I’m going to read a book on home churches but this is what I came up with on my own.

-Find a group of 2 to 15 right-wing or right wing-sympathetic Christians disillusioned with modern degeneracy tolerated by organized denominations
-Sunday afternoon/evening default time, unless more people can make another time work
-Whoever has the best space hosts (no switching around)
-Whoever is highest functioning in the group always leads the meeting. If there’s a conflict between the leader and the host we defer to the leader but the host may make any rules they’d like restricting access to their home and property, provided they’re written down and consistent. If they become too onerous then someone else with a more amenable space should host.
-Err on the side of caution when inviting new people into your home. Treat safety issues like dating- never meet someone for the first time in your home. If someone brings a friend you don’t know or someone new shows up without forewarning the answer is always “No, let’s get acquainted over coffee in a public place first.” You do NOT have a Christian obligation to endanger your family out of a misguided sense of “helping” someone who could be a homeless derelict or a predator! If someone in your group thinks otherwise tell them to start their own Alt-church and take on the risks themselves.
-Regardless of context, a man may not be alone with anyone except another man in a private place. A church may not be composed of only one man and one woman. That is a date. If this happens by accident they must separate immediately.

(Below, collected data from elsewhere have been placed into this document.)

(* Let $\mathbf{L}$ be a distributive lattice and $n\ge1$ an integer. A subset $F\subseteq\mathbf{L}$ is an $n$-filter if and only if it is an intersection of prime $n$-filters on $\mathbf{L}$ (the empty intersection being $\mathbf{L}$).
   Context: For a set $X$, $Y\subseteq_n X$ means $Y$ is a non-empty subset of $X$ with $|Y|\le n$. An $n$-filter on a lattice is an upset $F$ such that for every non-empty finite $X\subseteq F$: if $\bigwedge Y\in F$ for every $Y\subseteq_n X$ then $\bigwedge X\in F$. A prime $n$-filter is an $n$-filter $F$ such that $a\vee b\in F$ implies $a\in F$ or $b\in F$ (the empty set and $\mathbf{L}$ count as prime $n$-filters). *)

From mathcomp Require Import all_boot all_order.
Set Implicit Arguments. Unset Strict Implicit. Unset Printing Implicit Defensive.
Import Order.Theory.
Local Open Scope order_scope.

(* Subsets of the lattice are predicates T -> Prop (the lattice may be infinite).
   A non-empty finite subset X is represented by a list [x :: s] (duplicates and
   order are irrelevant for membership and for the meet). *)
Section Defs.
Context {d : Order.disp_t} {T : latticeType d}.

Definition nemeet (x : T) (s : seq T) : T := foldr Order.meet x s.

Definition upset (F : T -> Prop) : Prop := forall a b : T, a <= b -> F a -> F b.

Definition nfilter (n : nat) (F : T -> Prop) : Prop :=
  upset F /\
  forall (x : T) (s : seq T),
    (forall z, z \in x :: s -> F z) ->
    (forall (y : T) (t : seq T),
        (forall z, z \in y :: t -> z \in x :: s) ->
        (size (undup (y :: t)) <= n)%N ->
        F (nemeet y t)) ->
    F (nemeet x s).

Definition prime_nfilter (n : nat) (F : T -> Prop) : Prop :=
  nfilter n F /\ forall a b : T, F (a `|` b) -> F a \/ F b.

End Defs.

(* Intersections of n-filters are n-filters, so only the converse needs work:
   every n-filter F is the intersection of the prime n-filters containing it.
   Given a outside F, Zorn's lemma yields an ideal A containing a, disjoint
   from F and maximal for these properties; its complement G is a prime upset
   containing F and avoiding a.  By maximality every u outside A has some j in
   A with u \/ j in F.  If a finite X in G has all its meets of at most n
   elements in G, finitely many such witnesses combine into a single
   i in A with w \/ i in F for each of those small meets w.  By
   distributivity {u | u \/ i in F} is again an n-filter, so (meet X) \/ i is
   in F, hence outside A, and meet X is in G. *)
From mathcomp Require Import all_boot all_order.
From mathcomp Require Import boolp classical_sets.
Set Implicit Arguments. Unset Strict Implicit. Unset Printing Implicit Defensive.
Import Order.Theory.
Local Open Scope order_scope.

Fixpoint subseqs {T : Type} (l : seq T) : seq (seq T) :=
  if l is x :: s then subseqs s ++ map (cons x) (subseqs s) else [:: [::]].

Section Subseqs.
Variable T : eqType.

Lemma filter_mem_subseqs (p : pred T) (l : seq T) : filter p l \in subseqs l.
Proof.
elim: l => [|x s IH] /=; first by rewrite inE.
rewrite mem_cat; case: (p x); last by rewrite IH.
by rewrite (mem_map (fun a b => _)) ?IH ?orbT // => a b [].
Qed.

Lemma mem_subseqs (l Z : seq T) : Z \in subseqs l -> {subset Z <= l}.
Proof.
elim: l Z => [|h t IH] Z /=; first by rewrite inE => /eqP ->.
rewrite mem_cat => /orP[/IH sZt z /sZt|/mapP[Z' /IH sZt ->] z]; rewrite !inE.
  by move->; rewrite orbT.
by case/orP=> [->//|/sZt->]; rewrite orbT.
Qed.

Lemma size_undup_eq (s1 s2 : seq T) : s1 =i s2 -> size (undup s1) = size (undup s2).
Proof. by move=> /perm_undup /perm_size. Qed.

Lemma subset_map_pullback (U : eqType) (f : T -> U) (x0 : T) (X : seq T)
    (Y : seq U) :
  {subset Y <= map f X} ->
  exists Z, [/\ {subset Z <= X}, map f Z = Y & size (undup Z) <= size (undup Y)]%N.
Proof.
move=> sYX; pose g y := nth x0 X (index y (map f X)).
have index_lt y : y \in map f X -> (index y (map f X) < size X)%N.
  by rewrite -(size_map f) index_mem.
exists (map g Y); split.
- by move=> _ /mapP[y /sYX /index_lt y_lt ->]; exact: mem_nth.
- rewrite -[RHS]map_id -map_comp; apply/eq_in_map => y /sYX yX /=.
  by rewrite /g -(nth_map x0 (f x0)) ?index_lt ?nth_index.
- rewrite -(size_map g (undup Y)); apply: uniq_leq_size (undup_uniq _) _ => z.
  by rewrite mem_undup => /mapP[y yY ->]; rewrite map_f ?mem_undup.
Qed.

End Subseqs.

Section Meets.
Context {d : Order.disp_t} {L : latticeType d}.

Lemma nemeet_le (x : L) (s : seq L) (z : L) : z \in x :: s -> nemeet x s <= z.
Proof.
rewrite /nemeet; elim: s z => [|y s IH] z /=; first by rewrite inE => /eqP ->.
rewrite !inE => /or3P[/eqP->|/eqP->|zs]; first 2 [exact: leIl].
- by apply: le_trans (leIr _ _) _; apply: IH; rewrite mem_head.
- by apply: le_trans (leIr _ _) _; apply: IH; rewrite inE zs orbT.
Qed.

Lemma le_nemeet (w x : L) (s : seq L) :
  (forall z, z \in x :: s -> w <= z) -> w <= nemeet x s.
Proof.
rewrite /nemeet; elim: s => [|y s IH] /= wle; first by rewrite wle ?mem_head.
rewrite lexI wle ?inE ?eqxx ?orbT //= IH // => z; rewrite inE => /orP[/eqP->|zs].
  by rewrite wle ?mem_head.
by rewrite wle // !inE zs !orbT.
Qed.

Lemma eq_nemeet (x y : L) (s t : seq L) : x :: s =i y :: t -> nemeet x s = nemeet y t.
Proof.
by move=> E; apply/le_anti; rewrite !le_nemeet // => z zin; apply: nemeet_le;
  rewrite ?E // -E.
Qed.

Lemma nfilter_ext (n : nat) (F G : L -> Prop) :
  (forall a, F a <-> G a) -> nfilter n F -> nfilter n G.
Proof.
move=> FG [uF nF]; split=> [a b ab /FG /(uF _ _ ab) /FG //|x s Gs Gsmall].
apply/FG/nF => [z /Gs /FG //|y t sub sz]; exact/FG/Gsmall.
Qed.

Lemma nfilter_bigcap (n : nat) (P : (L -> Prop) -> Prop) :
  (forall G, P G -> nfilter n G) -> nfilter n (fun a => forall G, P G -> G a).
Proof.
move=> PG; split=> [a b ab Fa G PG_G|x s Fs Fsmall G PG_G].
  by have [uG _] := PG G PG_G; exact: uG ab (Fa G PG_G).
have [_ nG] := PG G PG_G; apply: nG => [z /Fs|y t sub sz]; first exact.
exact: Fsmall.
Qed.

End Meets.

Section Distributive.
Context {d : Order.disp_t} {L : distrLatticeType d}.

Lemma nemeet_map_joinr (x i : L) (s : seq L) :
  nemeet (x `|` i) (map (fun z => z `|` i) s) = nemeet x s `|` i.
Proof. by elim: s => [|y s IH] //=; rewrite IH joinIl. Qed.

Lemma nfilter_joinr (n : nat) (F : L -> Prop) (i : L) :
  nfilter n F -> nfilter n (fun u => F (u `|` i)).
Proof.
move=> [uF nF]; split=> [a b ab|x s Fs Fsmall].
  by apply: uF; rewrite leU2.
set f := fun z => z `|` i; rewrite -nemeet_map_joinr.
apply: (nF (f x) (map f s)); rewrite -/(map f (x :: s)).
  by move=> _ /mapP[z zs ->]; exact: Fs.
move=> y t sub sz; have [[|z zs] [sZ + szZ]] := subset_map_pullback x sub => //.
move=> [<- <-]; rewrite nemeet_map_joinr; apply: Fsmall => //.
exact: leq_trans szZ sz.
Qed.

End Distributive.

Section Ideals.
Context {d : Order.disp_t} {L : latticeType d}.

Definition ideal (A : L -> Prop) : Prop :=
  (forall u v, u <= v -> A v -> A u) /\ (forall u v, A u -> A v -> A (u `|` v)).

Lemma ideal_le (a : L) : ideal (fun z => z <= a).
Proof.
split=> [u v uv va|u v ua va]; first exact: le_trans uv va.
by rewrite leUx ua va.
Qed.

Lemma ideal_joinr (A : L -> Prop) (u : L) :
  ideal A -> ideal (fun z => exists2 j, A j & z <= j `|` u).
Proof.
move=> [dA jA]; split=> [x y xy [j Aj yj]|x y [j1 Aj1 x1] [j2 Aj2 y2]].
  by exists j => //; exact: le_trans xy yj.
exists (j1 `|` j2); first exact: jA.
by rewrite leUx (le_trans x1) ?(le_trans y2) // leU2 ?leUl ?leUr.
Qed.

Lemma compl_ideal_upset (A : L -> Prop) : ideal A -> upset (fun z => ~ A z).
Proof. by move=> [dA _] u v uv nAu Av; apply: nAu; exact: dA uv Av. Qed.

Lemma compl_ideal_prime (A : L -> Prop) (a b : L) :
  ideal A -> ~ A (a `|` b) -> ~ A a \/ ~ A b.
Proof. by move=> [_ jA] nAab; rewrite -not_andE => -[Aa Ab]; exact/nAab/jA. Qed.

Lemma ideal_common_witness (F A : L -> Prop) (i0 : L) (ws : seq L) :
  upset F -> ideal A -> A i0 ->
  (forall u, ~ A u -> exists2 j, A j & F (u `|` j)) ->
  (forall w, w \in ws -> ~ A w) ->
  exists2 i, A i & forall w, w \in ws -> F (w `|` i).
Proof.
move=> uF [_ jA] Ai0 witness; elim: ws => [|w ws IH] nAws; first by exists i0.
have [i Ai Fi] : exists2 i, A i & forall w, w \in ws -> F (w `|` i).
  by apply: IH => z zs; apply: nAws; rewrite inE zs orbT.
have [j Aj Fj] := witness w (nAws w (mem_head _ _)).
exists (i `|` j); first exact: jA.
move=> z; rewrite inE => /orP[/eqP->|zs].
  by apply: uF Fj; rewrite leU2 ?leUr.
by apply: uF (Fi z zs); rewrite leU2 ?leUl.
Qed.

(* The condition [forall z, I z -> I a] lets the empty ideal, the union of the
   empty chain, pass Zorn's lemma. *)
Lemma maximal_ideal_avoiding (F : L -> Prop) (a : L) :
  upset F -> ~ F a ->
  exists A, [/\ ideal A, A a, forall z, A z -> ~ F z
              & forall u, ~ A u -> exists2 j, A j & F (u `|` j)].
Proof.
move=> uF Fa.
pose admissible (I : set L) :=
  [/\ ideal I, forall z, I z -> ~ F z & forall z, I z -> I a].
have [A [[idA AF Aa_of] maxA]] :
    exists A, admissible A /\ forall B, (A `<` B)%classic -> ~ admissible B.
  apply: Zorn_bigcup => C CA totC; split; first split.
  - move=> u v uv [I CI Iv]; exists I => //.
    by have [[dI _] _ _] := CA I CI; exact: dI uv Iv.
  - move=> u v [I1 CI1 I1u] [I2 CI2 I2v].
    have [[_ jI1] _ _] := CA I1 CI1; have [[_ jI2] _ _] := CA I2 CI2.
    have [S12|S21] := totC I1 I2 CI1 CI2.
      by exists I2 => //; apply: jI2 => //; exact: S12.
    by exists I1 => //; apply: jI1 => //; exact: S21.
  - by move=> z [I CI Iz]; have [_ IF _] := CA I CI; exact: IF Iz.
  - by move=> z [I CI Iz]; exists I => //; have [_ _ Ia] := CA I CI; exact: Ia Iz.
have Aa : A a.
  apply: contrapT => nAa; apply: (maxA (fun z => z <= a)).
    by split=> [z /Aa_of|sub] //; apply: nAa; apply: sub.
  split=> [|z za Fz|//]; first exact: ideal_le.
  exact/Fa/(uF _ _ za Fz).
exists A; split=> // u nAu; apply: contrapT => no_witness.
apply: (maxA (fun z => exists2 j, A j & z <= j `|` u)).
  split=> [z Az|sub]; first by exists z; rewrite ?leUl.
  by apply: nAu; apply: sub; exists a; rewrite ?leUr.
split=> [|z [j Aj zj] Fz|_ _]; first exact: ideal_joinr.
  by apply: no_witness; exists j => //; apply: uF Fz; rewrite joinC.
by exists a; rewrite ?leUl.
Qed.

End Ideals.

Section Separation.
Context {d : Order.disp_t} {L : distrLatticeType d}.

Lemma nfilter_compl_maximal_ideal (n : nat) (F A : L -> Prop) (i0 : L) :
  (1 <= n)%N -> nfilter n F -> ideal A -> A i0 -> (forall z, A z -> ~ F z) ->
  (forall u, ~ A u -> exists2 j, A j & F (u `|` j)) ->
  nfilter n (fun z => ~ A z).
Proof.
move=> n_gt0 nF idA Ai0 AF witness; split; first exact: compl_ideal_upset.
move=> x s Gs Gsmall Am.
pose ws := [seq nemeet (head x Z) (behead Z) | Z <- subseqs (x :: s) &
             (Z != [::]) && (size (undup Z) <= n)%N].
have [i Ai Fi] : exists2 i, A i & forall w, w \in ws -> F (w `|` i).
  apply: ideal_common_witness nF.1 idA Ai0 witness _.
  move=> w /mapP[[|z zs]]; rewrite mem_filter ?eqxx //.
  by move=> /andP[/andP[_ sz] /mem_subseqs sub] ->; apply: Gsmall.
have Fsmall y t : {subset y :: t <= x :: s} -> (size (undup (y :: t)) <= n)%N ->
    F (nemeet y t `|` i).
  move=> sub sz; have ZS := filter_mem_subseqs (mem (y :: t)) (x :: s).
  have EZ : filter (mem (y :: t)) (x :: s) =i y :: t.
    by move=> z; rewrite mem_filter andb_idr //; exact: sub.
  case: (filter (mem (y :: t)) (x :: s)) ZS EZ => [_ /(_ y)|z zs ZS EZ]; first by rewrite mem_head.
  rewrite -(eq_nemeet EZ); apply: Fi; apply/mapP; exists (z :: zs) => //.
  by rewrite mem_filter ZS (size_undup_eq EZ) sz.
have [_ nFi] := nfilter_joinr i nF.
apply: AF (proj2 idA _ _ Am Ai) (nFi x s _ Fsmall) => z zin.
by apply: (Fsmall z [::]) => // w; rewrite inE => /eqP->.
Qed.

Lemma prime_nfilter_separation (n : nat) (F : L -> Prop) (a : L) :
  (1 <= n)%N -> nfilter n F -> ~ F a ->
  exists2 G, prime_nfilter n G & (forall z, F z -> G z) /\ ~ G a.
Proof.
move=> n_gt0 nF Fa; have [A [idA Aa AF witness]] := maximal_ideal_avoiding nF.1 Fa.
exists (fun z => ~ A z); last by split=> [z Fz /AF|]; [exact|exact].
split; first exact: nfilter_compl_maximal_ideal n_gt0 nF idA Aa AF witness.
by move=> b c; exact: compl_ideal_prime.
Qed.

End Separation.

Theorem mainTheorem10 (d : Order.disp_t) (L : distrLatticeType d) (n : nat)
  (F : L -> Prop) :
  (1 <= n)%N ->
  (nfilter n F <->
   exists P : (L -> Prop) -> Prop,
     (forall G, P G -> prime_nfilter n G) /\
     (forall a : L, F a <-> (forall G, P G -> G a))).
Proof.
move=> n_gt0; split=> [nF|[P [PG FP]]]; last first.
  apply: nfilter_ext (fun a => iff_sym (FP a)) _.
  by apply: nfilter_bigcap => G /PG [].
exists (fun G => prime_nfilter n G /\ forall z, F z -> G z); split=> [G []//|a].
split=> [Fa G [_ FG]|FG_a]; first exact: FG.
apply: contrapT => Fa; have [G pG [FG Ga]] := prime_nfilter_separation n_gt0 nF Fa.
exact: Ga (FG_a G (conj pG FG)).
Qed.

-Bring a potluck dish to share or bring ingredients early to cook together (coordinate this with host), prep before meeting starts
-Sing along with 3 worship songs on YouTube (12 minutes). High-functioning leader picks songs beforehand. If someone plays an instrument, that’s better. Yes, everyone has to sing, that’s the expectation in corporate worship.

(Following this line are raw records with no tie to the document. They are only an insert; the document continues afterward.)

(* [ker^{-1}(V)] exists because every vector [u] is congruent modulo [V] to a
   unique [w] whose support avoids the leading terms of [V]; [w] is built by
   well-founded induction on the leading term of [u]. The same normal form, taken
   in the space of coordinates on the basis [e_{j,g}] ordered lexicographically
   and modulo the coordinates of syzygies, yields canonical decompositions, so
   the [s_{i,g0}] are well defined.
   If [x] is a syzygy of [T_1, ..., T_i], its last component lies in
   [ker U_{i-1} /\ ker T_i = ker (U_{i-1} \/ T_i)]; expanding it on the basis
   [g0 - (U_{i-1} \/ T_i)(g0)] of that kernel gives a combination [z] of the
   [s_{i,g0}] with the same last component, so [x - z] comes from
   [syz(T_1, ..., T_{i-1})]. The sum is direct since the last components of the
   [s_{i,g0}] are linearly independent. *)

From HB Require Import structures.
From mathcomp Require Import all_boot all_order all_algebra.
From mathcomp Require Import finmap.
From mathcomp.multinomials Require Import monalg.
From Stdlib Require Import ClassicalEpsilon.

Import Order.TTheory GRing.Theory Num.Theory.
Local Open Scope ring_scope.

Lemma wf_ord_lt (m : nat) : well_founded (fun i j : 'I_m => (i < j)%O).
Proof.
move=> i; have [n] := ubnP i; elim: n i => [//|n IHn] i lt_in.
by constructor => j; rewrite ltEord => lt_ji; apply: IHn; exact: leq_trans lt_ji _.
Qed.

Section LexiWellFounded.
Context {d1 d2 : Order.disp_t} {A : orderType d1} {B : orderType d2}.
Hypothesis wfA : well_founded (fun x y : A => (x < y)%O).
Hypothesis wfB : well_founded (fun x y : B => (x < y)%O).

Lemma wf_lexi : well_founded (fun x y : A *l B => (x < y)%O).
Proof.
move=> [a b]; elim/(well_founded_ind wfA): a b => a IHa.
elim/(well_founded_ind wfB) => b IHb; constructor => -[a' b'].
rewrite ltxi_pair; case: (ltgtP a' a) => [lt_a'a _|//|->]; [exact: IHa | exact: IHb].
Qed.

End LexiWellFounded.

Section NormalForm.
Context {K : fieldType} {X : lmodType K} {d : Order.disp_t} {B : orderType d}.
Hypothesis wfB : well_founded (fun x y : B => (x < y)%O).
Variables (coef : X -> B -> K) (basis : B -> X).
Hypothesis coefD : forall b x y, coef (x + y) b = coef x b + coef y b.
Hypothesis coefZ : forall b a x, coef (a *: x) b = a * coef x b.
Hypothesis coef_basis : forall b h, coef (basis b) h = (b == h)%:R.

Definition supp_le (b : B) (x : X) := forall h, coef x h != 0 -> (h <= b)%O.
Definition supp_lt (b : B) (x : X) := forall h, coef x h != 0 -> (h < b)%O.
Definition leading (x : X) (b : B) := coef x b != 0 /\ supp_le b x.

Hypothesis leading_exists : forall x, x != 0 -> exists b, leading x b.

Lemma coef0 b : coef 0 b = 0.
Proof. by rewrite -(scale0r 0) coefZ mul0r. Qed.

Lemma coefB b x y : coef (x - y) b = coef x b - coef y b.
Proof. by rewrite coefD -scaleN1r coefZ mulN1r. Qed.

Lemma supp_le_lin b a x y : supp_le b x -> supp_le b y -> supp_le b (a *: x + y).
Proof.
move=> bx b_y h; rewrite coefD coefZ.
by case: (eqVneq (coef x h) 0) => [->|/bx //]; rewrite mulr0 add0r => /b_y.
Qed.

Lemma supp_ltW b x : supp_lt b x -> supp_le b x.
Proof. by move=> bx h /bx /ltW. Qed.

Lemma supp_le_lt b x : supp_le b x -> coef x b = 0 -> supp_lt b x.
Proof.
move=> bx xb0 h xh; rewrite lt_neqAle bx // andbT.
by apply: contraNneq xh => ->; rewrite xb0.
Qed.

Lemma supp_le_basis b : supp_le b (basis b).
Proof. by move=> h; rewrite coef_basis; case: (eqVneq b h) => [->|_]; rewrite ?eqxx. Qed.

Lemma supp_le_leading {x b b'} : leading x b -> (b <= b')%O -> supp_le b' x.
Proof. by move=> [_ bx] le_bb' h /bx /le_trans; apply. Qed.

Variable V : X -> Prop.
Hypothesis V0 : V 0.
Hypothesis VL : forall a u w, V u -> V w -> V (a *: u + w).

Let VB u w : V u -> V w -> V (u - w).
Proof. by move=> Vu Vw; rewrite addrC -scaleN1r; apply: VL. Qed.

Definition lead_of_space (b : B) := exists2 v, V v & leading v b.
Definition reduced (w : X) := forall b, lead_of_space b -> coef w b = 0.
Definition normal_form (u w : X) := V (u - w) /\ reduced w.

Lemma reduced0 : reduced 0.
Proof. by move=> b _; rewrite coef0. Qed.

Lemma normal_form_supp_lt {b} :
  (forall b', (b' < b)%O -> forall u, supp_le b' u ->
     exists2 w, normal_form u w & supp_le b' w) ->
  forall u, supp_lt b u -> exists2 w, normal_form u w & supp_lt b w.
Proof.
move=> IH u bu; have [->|/leading_exists [b' lead_b']] := eqVneq u 0.
  exists 0; last by move=> h; rewrite coef0 eqxx.
  by split; rewrite ?subr0 //; apply: reduced0.
have lt_b'b : (b' < b)%O by apply: bu; case: lead_b'.
have [w nf_w b'w] := IH b' lt_b'b u (supp_le_leading lead_b' (lexx _)).
by exists w => // h /b'w /le_lt_trans; apply.
Qed.

(* The leading coefficient of [u] at [b] is cancelled either by an element of
   [V] with leading term [b] or, if there is none, by keeping [b] in [w]. *)
Lemma normal_form_supp_le {b u} :
  supp_le b u -> exists2 w, normal_form u w & supp_le b w.
Proof.
move=> bu; elim/(well_founded_ind wfB): b u bu => b IH u bu.
have nf_lt := normal_form_supp_lt IH; set c := coef u b.
have [[v Vv [vb0 bv]]|no_lead] := classic (lead_of_space b).
  set u' := - (c / coef v b) *: v + u.
  have [w [Vw red_w] bw] : exists2 w, normal_form u' w & supp_lt b w.
    apply/nf_lt/supp_le_lt; first exact: supp_le_lin.
    by rewrite coefD coefZ mulNr -mulrA mulVf // mulr1 addNr.
  exists w; last exact: supp_ltW.
  split=> //; have -> : u - w = (c / coef v b) *: v + (u' - w).
    by rewrite /u' addrA scaleNr addrA subrr add0r.
  exact: VL.
set u' := - c *: basis b + u.
have [w [Vw red_w] bw] : exists2 w, normal_form u' w & supp_lt b w.
  apply/nf_lt/supp_le_lt; first by apply: supp_le_lin => //; apply: supp_le_basis.
  by rewrite coefD coefZ coef_basis eqxx mulr1 addNr.
exists (c *: basis b + w).
  split; first by rewrite opprD addrA -scaleNr [u + _]addrC.
  move=> h lead_h; rewrite coefD coefZ coef_basis red_w // addr0.
  by case: eqP => [eq_bh|_]; [move: lead_h; rewrite -eq_bh => /no_lead | rewrite mulr0].
by apply: supp_le_lin; [apply: supp_le_basis | apply: supp_ltW].
Qed.

Lemma normal_form_exists u : exists w, normal_form u w.
Proof.
have [->|/leading_exists [b [_ bu]]] := eqVneq u 0.
  by exists 0; split; rewrite ?subr0 //; apply: reduced0.
by have [w] := normal_form_supp_le bu; exists w.
Qed.

Lemma normal_form_unique {u w1 w2} : normal_form u w1 -> normal_form u w2 -> w1 = w2.
Proof.
move=> [V1 red1] [V2 red2]; apply/eqP; rewrite -subr_eq0; apply/eqP.
have V12 : V (w1 - w2).
  have -> : w1 - w2 = (u - w2) - (u - w1) by rewrite opprB [RHS]addrC addrA subrK.
  exact: VB.
apply: contraPeq isT => /leading_exists [b lead_b].
by case: (lead_b) => /eqP []; rewrite coefB red1 ?red2 ?subrr //; exists (w1 - w2).
Qed.

Definition nf (u : X) : X := epsilon (inhabits 0) (normal_form u).

Lemma nfP u : normal_form u (nf u).
Proof. exact: epsilon_spec (normal_form_exists u). Qed.

Lemma nf_eq {u w} : normal_form u w -> nf u = w.
Proof. exact: normal_form_unique (nfP u). Qed.

Lemma nf_linear : linear nf.
Proof.
move=> a u w; apply: nf_eq; have [[Vu red_u] [Vw red_w]] := (nfP u, nfP w).
split; first by rewrite opprD addrACA -scalerBr; apply: VL.
by move=> b lead_b; rewrite coefD coefZ red_u // red_w // mulr0 addr0.
Qed.

Lemma nf_idem u : nf (nf u) = nf u.
Proof. by apply: nf_eq; split; [rewrite subrr | case: (nfP u)]. Qed.

Lemma nf_eq0 u : nf u = 0 <-> V u.
Proof.
split=> [nfu0|Vu]; first by have [] := nfP u; rewrite nfu0 subr0.
by apply: nf_eq; split; rewrite ?subr0 //; apply: reduced0.
Qed.

Lemma nf_basis b : nf (basis b) = basis b \/ supp_lt b (nf (basis b)).
Proof.
have [lead_b|no_lead] := classic (lead_of_space b); [right | left].
  have [w nf_w bw] := normal_form_supp_le (supp_le_basis b); rewrite (nf_eq nf_w).
  by apply: supp_le_lt => //; case: nf_w => _; apply.
apply: nf_eq; split=> [|h lead_h]; first by rewrite subrr.
rewrite coef_basis; case: eqP => // eq_bh.
by move: lead_h; rewrite -eq_bh => /no_lead.
Qed.

End NormalForm.

Section KerInv.
Context {K : fieldType} {d : Order.disp_t} {G : orderType d}.
Local Notation KG := {malg K[G]}.

Lemma scale_monalgU (c : K) (g : G) : c *: (<< g >> : KG) = << c *g g >>.
Proof. by apply/malgP => h; rewrite mcoeffZ !mcoeffU mulr_natr. Qed.

Lemma monalg_expand (v : KG) : v = \sum_(g <- msupp v) v@_g *: << g >>.
Proof. by rewrite {1}(monalgE v); apply: eq_bigr => g _; rewrite scale_monalgU. Qed.

Lemma is_lt_leading (v : KG) g : is_lt v g <-> leading (fun v g => v@_g) v g.
Proof.
rewrite /is_lt /leading /supp_le; split=> [[vg le_v]|[vg le_v]].
  by split=> [|h]; rewrite mcoeff_neq0 // => /le_v.
by split=> [|h]; rewrite -mcoeff_neq0 // => /le_v.
Qed.

Lemma seq_has_max (s : seq G) :
  s != [::] -> exists2 g, g \in s & forall h, h \in s -> (h <= g)%O.
Proof.
elim: s => [//|a [|b s] IH] _.
  by exists a => [|h]; rewrite ?mem_seq1 // => /eqP ->.
have [g gs le_s] := IH isT.
have [le_ag|lt_ga] := leP a g.
  by exists g => [|h]; rewrite inE ?gs ?orbT // => /predU1P [->|/le_s].
exists a => [|h]; rewrite inE ?eqxx // => /predU1P [->//|/le_s /le_trans]; apply.
exact: ltW.
Qed.

Lemma monalg_leading_exists {v : KG} : v != 0 -> exists g, is_lt v g.
Proof.
move=> v_neq0; have [|g gv le_v] := seq_has_max (msupp v : seq G); last by exists g.
apply: contra v_neq0 => /eqP v0; apply/eqP/malgP => g.
by rewrite mcoeff0 mcoeff_outdom // -[g \in msupp v]/(g \in (msupp v : seq G)) v0.
Qed.

Lemma is_lt_monalgU g : is_lt (<< g >> : KG) g.
Proof.
rewrite /is_lt msuppU oner_eq0; split=> [|h]; first by rewrite inE.
by rewrite inE => /eqP ->.
Qed.

Lemma vlt_supp_lt (w : KG) g : supp_lt (fun v g => v@_g) g w -> vlt w << g >>.
Proof.
move=> gw; have [->|/monalg_leading_exists [h lt_h]] := eqVneq w 0.
  by left; split=> //; apply/eqP; rewrite monalgU_eq0 oner_eq0.
right; exists h, g; split=> //; first exact: is_lt_monalgU.
by apply: gw; case: lt_h; rewrite mcoeff_neq0.
Qed.

Hypothesis wfG : well_founded (fun x y : G => (x < y)%O).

-Watch a sermon on YouTube (30 minutes)
-Discussion of sermon using rules more or less plagiarized from Al-Anon (30 minutes)
-Finish prep and eat dinner, chill out for a bit (60 minutes)
-Optional: split the sexes into separate social groups to talk about real life shit, tobacco mandatory for men (but not really, unfortunately)
-First names only, no written member rolls. We have to assume Chinese-style religious persecution in the next couple of decades. If not, great, but better to err on the side of too paranoid.

I don’t know how Catholics would have to modify this to make sure you stand up and sit down several times or whatever makes it all official. Maybe you can do some burpees. This is written from a nondenominational Protestant perspective. Please criticize potential weaknesses.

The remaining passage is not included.